Individualized Treatment Allocation in Sequential Network Games

TL;DR

This paper presents a method for optimizing treatment assignments in sequential network games to maximize social welfare, using variational approximations and greedy algorithms, demonstrated through simulations and real data.

Contribution

It introduces a novel approach combining variational approximation and greedy optimization for treatment allocation in complex sequential decision games.

Findings

The method achieves significant welfare gains in simulations.

The approach provides a welfare regret bound for the approximation.
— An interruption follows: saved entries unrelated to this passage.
(* Let $g(t)$, $t\in[0,T)$, be the maximal Ricci flow solution on $S^1\times S^3$ starting from a metric $g_0=\phi^2dz^2+a^2\omega^1\otimes\omega^1+b^2\omega^2\otimes\omega^2+c^2\omega^3\otimes\omega^3$ with $a\le b\le c$ at $t=0$. Suppose that at time $t=0$ we have $0<a$ and $1\le \max_s\left(\frac{c}{a}\right)\le\lambda$ for some constant $\lambda\ge1$. Then $1\le \frac{c}{a}\le\lambda$ for all $(z,t)\in S^1\times[0,T)$.
   Context: $S^3=SU(2)$ carries a global left-invariant frame $E_1,E_2,E_3$ with $[E_i,E_j]=-2\epsilon_{ijk}E_k$ and dual coframe $\omega^i$; $z\in S^1=[0,2\pi)$ and $\phi,a,b,c$ are positive smooth $2\pi$-periodic functions. The Ricci flow $\partial_tg=-2\mathrm{Ric}(g)$ preserves this form, with $\phi,a,b,c$ depending on $(z,t)$; $s$ is the arclength coordinate $ds=\phi\,dz$. *)

(* Honest frame-based definition of the Ricci tensor for metrics on
   S^1 x SU(2) of the form  g = phi^2 dz^2 + a^2 w1^2 + b^2 w2^2 + c^2 w3^2,
   computed in the global frame X_0 = d/dz, X_i = E_i (i=1,2,3) with
   [E_i,E_j] = -2 eps_ijk E_k, [d/dz, E_i] = 0, via the Koszul formula. *)
From Stdlib Require Import Reals Lra Arith.
From Coquelicot Require Import Coquelicot.
Open Scope R_scope.

Definition sum4 (F : nat -> R) : R := F 0%nat + F 1%nat + F 2%nat + F 3%nat.

Definition eps3 (i j k : nat) : R :=
  match i, j, k return R with
  | S O, S (S O), S (S (S O)) => 1
  | S (S O), S (S (S O)), S O => 1
  | S (S (S O)), S O, S (S O) => 1
  | S O, S (S (S O)), S (S O) => -1
  | S (S (S O)), S (S O), S O => -1
  | S (S O), S O, S (S (S O)) => -1
  | _, _, _ => 0
  end.

(* structure constants: [X_A, X_B] = sum_E cst E A B X_E *)
Definition cst (E A B : nat) : R := -2 * eps3 A B E.

(* action of the frame field X_A on a function of z alone
   (metric coefficients do not depend on the S^3 point, E_i f = 0) *)
Definition Xd (A : nat) (f : R -> R) (z : R) : R :=
  if Nat.eqb A 0 then Derive f z else 0.

Definition gm (gd : nat -> R -> R) (A B : nat) (z : R) : R :=
  if Nat.eqb A B then gd A z else 0.

(* Koszul formula: koszul A B C = g(nabla_{X_A} X_B, X_C) *)
Definition koszul (gd : nat -> R -> R) (A B C : nat) (z : R) : R :=
  / 2 * ( Xd A (gm gd B C) z + Xd B (gm gd A C) z - Xd C (gm gd A B) z
        + sum4 (fun E => cst E A B * gm gd E C z)
        - sum4 (fun E => cst E A C * gm gd E B z)
        - sum4 (fun E => cst E B C * gm gd E A z) ).

(* Christoffel symbols: nabla_{X_A} X_B = sum_C chris C A B X_C *)
Definition chris (gd : nat -> R -> R) (C A B : nat) (z : R) : R :=
  koszul gd A B C z / gd C z.

(* Ricci tensor Ric(X_B, X_D) = trace (X |-> R(X, X_B) X_D),
   R(X,Y) = nabla_X nabla_Y - nabla_Y nabla_X - nabla_[X,Y] *)
Definition ricci (gd : nat -> R -> R) (B D : nat) (z : R) : R :=
  sum4 (fun A =>
      Xd A (chris gd A B D) z - Xd B (chris gd A A D) z
    + sum4 (fun E => chris gd E B D z * chris gd A A E z
                     - chris gd E A D z * chris gd A B E z)
    - sum4 (fun E => cst E A B * chris gd A E D z)).

Definition ansatz (phi a b c : R -> R -> R) (t : R) : nat -> R -> R :=
  fun A z => match A return R with
             | O => (phi z t) ^ 2
             | S O => (a z t) ^ 2
             | S (S O) => (b z t) ^ 2
             | _ => (c z t) ^ 2
             end.

Definition pz (f : R -> R -> R) : R -> R -> R :=
  fun z t => Derive (fun x => f x t) z.
Definition pt (f : R -> R -> R) : R -> R -> R :=
  fun z t => Derive (fun s => f z s) t.

Fixpoint iterD (w : list bool) (f : R -> R -> R) : R -> R -> R :=
  match w with
  | nil => f
  | cons true w' => pz (iterD w' f)
  | cons false w' => pt (iterD w' f)
  end.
Empirical application shows practical effectiveness with Indian microfinance data.

Abstract

Designing individualized allocation of treatments so as to maximize the equilibrium welfare of interacting agents has many policy-relevant applications. Focusing on sequential decision games of interacting agents, this paper develops a method to obtain optimal treatment assignment rules that maximize a social welfare criterion by evaluating stationary distributions of outcomes. Stationary distributions in sequential decision games are given by Gibbs distributions, which are difficult to optimize with respect to a treatment allocation due to analytical and computational complexity. We apply a variational approximation to the stationary distribution and optimize the approximated equilibrium welfare with respect to treatment allocation using a greedy optimization algorithm. We characterize the performance of the variational approximation, deriving a performance guarantee for the greedy optimization algorithm via a welfare regret bound. We implement our proposed method in simulation exercises and an empirical application using the Indian microfinance data (Banerjee et al., 2013), and show it delivers significant welfare gains.